In our experiments, this kind of prompt has allowed us to correctly identify dataset messages that contain no required named entities. However, the overall performance has decreased; thus, we refined them by adding short explanations of why such answers were chosen (example shown in Figure 4). By providing explanations along with the examples, the model can learn to understand the underlying reasoning or intent behind the classification, rather than just memorizing the examples [25]. Existing work in prompt tuning suggests that in-context supplemental information can affect the model performance positively.
The fifth type of prompts was obtained by sampling them from the language model using the Automatic Prompt Engineer (APE) method.
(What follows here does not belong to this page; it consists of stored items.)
(* Let $\Sigma$ be a finite set of tokens, $c$ a context, $M_1,M_2,M_b$ language models, and $f$ a min-bounded function with constant $\lambda_f$. Let $t\in\Sigma$ be a token that is $\alpha$-exposed by $M_1$ over $M_b$ at $c$ and $\beta$-exposed by $M_2$ over $M_b$ at $c$. Let $M:=DAGG_f(M_1,M_2)$. Then $t$ is $\le\gamma\min(\alpha,\beta)$-exposed by $M$ over $M_b$ at $c$, where $\gamma=\lambda_f\,\overline{f_c}(M_1,M_2)$.
   Context: Let $n=|\Sigma|$. A context is a finite sequence of tokens from $\Sigma$. A language model $M$ assigns to every context $c$ and token $t\in\Sigma$ a probability $p_M(t\mid c)>0$, with $\sum_{t\in\Sigma}p_M(t\mid c)=1$. For $g:\Sigma\to\mathbb{R}_{>0}$, $GM(g(t)):=\exp\big(\tfrac1n\sum_{t\in\Sigma}\log g(t)\big)$. Typical probability: $tp_c(M):=GM(p_M(t\mid c))$; relative probability: $rp_M(t\mid c):=p_M(t\mid c)/tp_c(M)$. Typical probability ratio: $tpr_c(M_1,M_2):=GM\big(\tfrac{p_{M_1}(t\mid c)}{p_{M_2}(t\mid c)}\big)$. A token $t$ is $\alpha$-exposed by $M_1$ over $M_2$ at $c$ if $\frac{p_{M_1}(t\mid c)}{p_{M_2}(t\mid c)\cdot tpr_c(M_1,M_2)}=\alpha$; it is $\le\alpha$-exposed if it is $\beta$-exposed for some $\beta\le\alpha$. A function $f:\mathbb{R}_{>0}^2\to\mathbb{R}_{>0}$ is proper-avg if $\min(x,y)\le f(x,y)\le\max(x,y)$ for all $x,y>0$; it is min-bounded if it is proper-avg and there is a constant $\lambda_f$ with $f(x,y)\le\lambda_f\min(x,y)$ for all $x,y>0$. Set $M(t\mid c):=f(rp_{M_1}(t\mid c),rp_{M_2}(t\mid c))$; $DAGG_f(M_1,M_2)$ is the language model $M$ with $p_M(t\mid c):=\frac{M(t\mid c)}{\sum_{t'\in\Sigma}M(t'\mid c)}$. Define $\overline{f_c}(M_1,M_2):=GM\big(M(t\mid c)^{-1}\big)$. *)

From HB Require Import structures.
From mathcomp Require Import all_boot all_order all_algebra.
From mathcomp Require Import all_classical all_reals all_analysis.
Set Implicit Arguments. Unset Strict Implicit. Unset Printing Implicit Defensive.
Import Order.TTheory GRing.Theory Num.Theory.
Local Open Scope ring_scope.

Section Defs.
Variables (R : realType) (T : finType).

Definition context := seq T.

Definition is_LM (p : context -> T -> R) : Prop :=
  (forall c t, 0 < p c t) /\ (forall c, \sum_(t : T) p c t = 1).

Definition GM (g : T -> R) : R :=
  expR ((#|T|%:R)^-1 * \sum_(t : T) ln (g t)).

Definition tp (p : context -> T -> R) (c : context) : R := GM (fun t => p c t).

Definition rp (p : context -> T -> R) (c : context) (t : T) : R := p c t / tp p c.

Definition tpr (p1 p2 : context -> T -> R) (c : context) : R :=
  GM (fun t => p1 c t / p2 c t).

Definition exposed (p1 p2 : context -> T -> R) (c : context) (t : T) (a : R) : Prop :=
  p1 c t / (p2 c t * tpr p1 p2 c) = a.

Definition le_exposed (p1 p2 : context -> T -> R) (c : context) (t : T) (a : R) : Prop :=
  exists b, b <= a /\ exposed p1 p2 c t b.

Definition proper_avg (f : R -> R -> R) : Prop :=
  forall x y, 0 < x -> 0 < y -> Num.min x y <= f x y /\ f x y <= Num.max x y.

Definition min_bounded (f : R -> R -> R) (lam : R) : Prop :=
  proper_avg f /\ forall x y, 0 < x -> 0 < y -> f x y <= lam * Num.min x y.

Definition Mfun (f : R -> R -> R) (p1 p2 : context -> T -> R) (c : context) (t : T) : R :=
  f (rp p1 c t) (rp p2 c t).

Definition DAGG (f : R -> R -> R) (p1 p2 : context -> T -> R) : context -> T -> R :=
  fun c t => Mfun f p1 p2 c t / \sum_(t' : T) Mfun f p1 p2 c t'.

Definition fbar (f : R -> R -> R) (p1 p2 : context -> T -> R) (c : context) : R :=
  GM (fun t => (Mfun f p1 p2 c t)^-1).

End Defs.

From mathcomp Require Import all_boot all_order all_algebra.
From mathcomp Require Import all_classical all_reals all_analysis.
From mathcomp Require Import ring.
Import Order.TTheory GRing.Theory Num.Theory.
Local Open Scope ring_scope.

(* Since tpr (M1, Mb) = tp M1 / tp Mb, the exposure of t is the ratio of
   relative probabilities rp_M1 t / rp_Mb t.  For M = DAGG_f (M1, M2) the
   normalising sum cancels in rp_M t, which is M(t | c) * fbar; bounding
   M(t | c) = f (rp_M1 t, rp_M2 t) by lam * min (rp_M1 t, rp_M2 t) and dividing
   by rp_Mb t gives the bound lam * fbar * min (alpha, beta). *)

Section GeometricMean.
Context {R : realType} {T : finType}.
Implicit Types g h : T -> R.

Lemma GM_gt0 g : 0 < GM g.
Proof. exact: expR_gt0. Qed.

Lemma GMM g h : (forall t, 0 < g t) -> (forall t, 0 < h t) ->
  GM (fun t => g t * h t) = GM g * GM h.
Proof.
move=> g_gt0 h_gt0; rewrite /GM -expRD -mulrDr -big_split /=.
by congr (expR (_ * _)); apply: eq_bigr => t _; rewrite lnM ?posrE.
Qed.

Lemma GMV g : (forall t, 0 < g t) -> GM (fun t => (g t)^-1) = (GM g)^-1.
Proof.
move=> g_gt0; rewrite /GM -expRN -mulrN -sumrN.
by congr (expR (_ * _)); apply: eq_bigr => t _; rewrite lnV ?posrE.
Qed.

Lemma GM_cst (k : R) : 0 < k -> (0 < #|T|)%N -> GM (fun _ : T => k) = k.
Proof.
move=> k_gt0 T_gt0; rewrite /GM sumr_const -[ln k *+ _]mulr_natl.
by rewrite mulKf ?lnK ?posrE // pnatr_eq0 -lt0n.
Qed.

End GeometricMean.

Section Exposure.
Context {R : realType} {T : finType}.
Implicit Types p : context T -> T -> R.

Definition exposure p1 p2 (c : context T) (t : T) : R :=
  p1 c t / (p2 c t * tpr p1 p2 c).

Lemma le_exposedP p1 p2 c t a :
  le_exposed p1 p2 c t a <-> exposure p1 p2 c t <= a.
Proof.
split=> [[b [le_ba exp_b]] | le_a]; first by rewrite /exposure exp_b.
by exists (exposure p1 p2 c t).
Qed.

Lemma rp_gt0 {p} : (forall c t, 0 < p c t) -> forall c t, 0 < rp p c t.
Proof. by move=> p_gt0 c t; rewrite divr_gt0 ?GM_gt0. Qed.

Lemma tprE p1 p2 c : (forall c u, 0 < p1 c u) -> (forall c u, 0 < p2 c u) ->
  tpr p1 p2 c = tp p1 c / tp p2 c.
Proof.
move=> p1_gt0 p2_gt0; rewrite /tpr /tp -GMV // -GMM // => u.
by rewrite invr_gt0.
Qed.

Lemma exposure_rp p1 p2 c t :
  (forall c u, 0 < p1 c u) -> (forall c u, 0 < p2 c u) ->
  exposure p1 p2 c t = rp p1 c t / rp p2 c t.
Proof.
move=> p1_gt0 p2_gt0; rewrite /exposure /rp tprE //.
have tp_gt0 p : 0 < tp p c by exact: GM_gt0.
by field; rewrite ?gt_eqF ?p1_gt0 ?p2_gt0 ?tp_gt0.
Qed.

Lemma exposed_rp {p1 p2 c t a} :
  (forall c u, 0 < p1 c u) -> (forall c u, 0 < p2 c u) ->
  exposed p1 p2 c t a -> a = rp p1 c t / rp p2 c t.
Proof. by move=> p1_gt0 p2_gt0 <-; exact: exposure_rp. Qed.

End Exposure.

Section DynamicAggregation.
Context {R : realType} {T : finType}.
Context {f : R -> R -> R} {p1 p2 : context T -> T -> R}.
Hypothesis f_avg : proper_avg f.
Hypotheses (p1_gt0 : forall c t, 0 < p1 c t) (p2_gt0 : forall c t, 0 < p2 c t).

Lemma Mfun_gt0 c t : 0 < Mfun f p1 p2 c t.
Proof.
have rp1_gt0 := rp_gt0 p1_gt0 c t; have rp2_gt0 := rp_gt0 p2_gt0 c t.
have [f_ge_min _] := f_avg _ _ rp1_gt0 rp2_gt0.
by apply: lt_le_trans f_ge_min; rewrite lt_min rp1_gt0.
Qed.

Lemma sum_Mfun_gt0 c (t : T) : 0 < \sum_(u : T) Mfun f p1 p2 c u.
Proof.
rewrite (bigD1 t) //= ltr_wpDr ?Mfun_gt0 // sumr_ge0 // => u _.
exact/ltW/Mfun_gt0.
Qed.

Lemma DAGG_gt0 c t : 0 < DAGG f p1 p2 c t.
Proof. by rewrite divr_gt0 ?Mfun_gt0 ?(sum_Mfun_gt0 c t). Qed.

Lemma rp_DAGG c t : rp (DAGG f p1 p2) c t = Mfun f p1 p2 c t * fbar f p1 p2 c.
Proof.
have T_gt0 : (0 < #|T|)%N by apply/card_gt0P; exists t.
have M_gt0 := Mfun_gt0 c; have S_gt0 := sum_Mfun_gt0 c t.
rewrite /rp /tp /DAGG /fbar GMM ?GMV ?GM_cst ?invr_gt0 //.
by field; rewrite ?gt_eqF ?GM_gt0.
Qed.

End DynamicAggregation.

Theorem corollary1 (R : realType) (T : finType) (f : R -> R -> R) (lam : R)
  (p1 p2 pb : context T -> T -> R) (c : context T) (t : T) (alpha beta : R) :
  is_LM p1 -> is_LM p2 -> is_LM pb ->
  min_bounded f lam ->
  exposed p1 pb c t alpha ->
  exposed p2 pb c t beta ->
  le_exposed (DAGG f p1 p2) pb c t (lam * fbar f p1 p2 c * Num.min alpha beta).
Proof.
move=> [p1_gt0 _] [p2_gt0 _] [pb_gt0 _] [f_avg f_le_min] e1 e2.
rewrite (exposed_rp p1_gt0 pb_gt0 e1) (exposed_rp p2_gt0 pb_gt0 e2).
have DAGG_gt0 := DAGG_gt0 f_avg p1_gt0 p2_gt0.
apply/le_exposedP; rewrite exposure_rp // (rp_DAGG f_avg p1_gt0 p2_gt0).
have rpb_gt0 := rp_gt0 pb_gt0 c t.
rewrite -minr_pMl ?invr_ge0 ?(ltW rpb_gt0) // mulrA ler_pM2r ?invr_gt0 //.
by rewrite mulrAC ler_pM2r ?GM_gt0 // f_le_min ?rp_gt0.
Qed.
The aim was to reduce the human effort in creating the prompts and automate the process so that it would be possible to apply it to new kinds of entities in the future. The meta-prompts for generation and resampling were taken from previous work in this area [26]. We chose 10 as our sample size, as the instructions generated by the model differ little in semantic content, and we are able to find adequate prompts under this constraint. The resulting prompts contain only the description of the task and no examples, compared to the previous prompts (shown in Figure 5). Despite this, zero-shot performed better than few-shot.
Taking into account the improved performance of zero-shot prompts, we decided to tune this kind of prompt. To direct a GPT-3’s inference in the truth-seeking pattern, we employ reasoning in our prompts. Compared to few-shot prompts with explanations, this time, we ask the model to come up with a motivation for such output by asking the model via the prompt “Let’s solve this problem by splitting into steps.”, as shown in Figure 6. The term “chain-of-thought” prompt has been used to describe this type of prompt [27].
To receive an answer in a closed form that is convenient for the task, we inject “Thus, the correct answer is” after generating model output and query the model again with the new prompt.

2.3. Few-Shot GPT-3 175B

As another approach to the extraction of named entities using LLM, we fine-tuned the OpenAI davinci model—GPT-3 with 175B parameters—using OpenAI API. We have tried several approaches to fine-tuning.
The first idea is to retrieve all required entities at once, meaning the output for a given text message from the ATel dataset would look as shown in Figure 7—and it would either contain the corresponding entity if it is present in the text message or a tag ‘none’. This method has shown the lowest accuracy, so we decided from this point on to extract only one entity at a time.
Thus, in the second experiment, we fine-tuned the model on training examples consisting of a dataset input example and one type of its associated named entity. This approach is more computably expensive, as we have to fine-tune a model for each of the entities we want to obtain. To address this issue, we changed the training examples for the fine-tuned model to be able to extract all types of entities. For this, we used the prompts with the best performance created in the previous section. The input during the fine-tuning consists of a dataset text message embedded in one of the prompts. The output to this input is chosen according to the type of entity this prompt is designed to extract. This way, to obtain a certain kind of entity during inference, we would have to prepend the astronomical text with the corresponding prompt. The first two datasets are of size 202, while the third one contains 606 message-entity pairs since for the last dataset, we used three prompts (for each entity) to prepend all 202 texts to fine-tune for all entities.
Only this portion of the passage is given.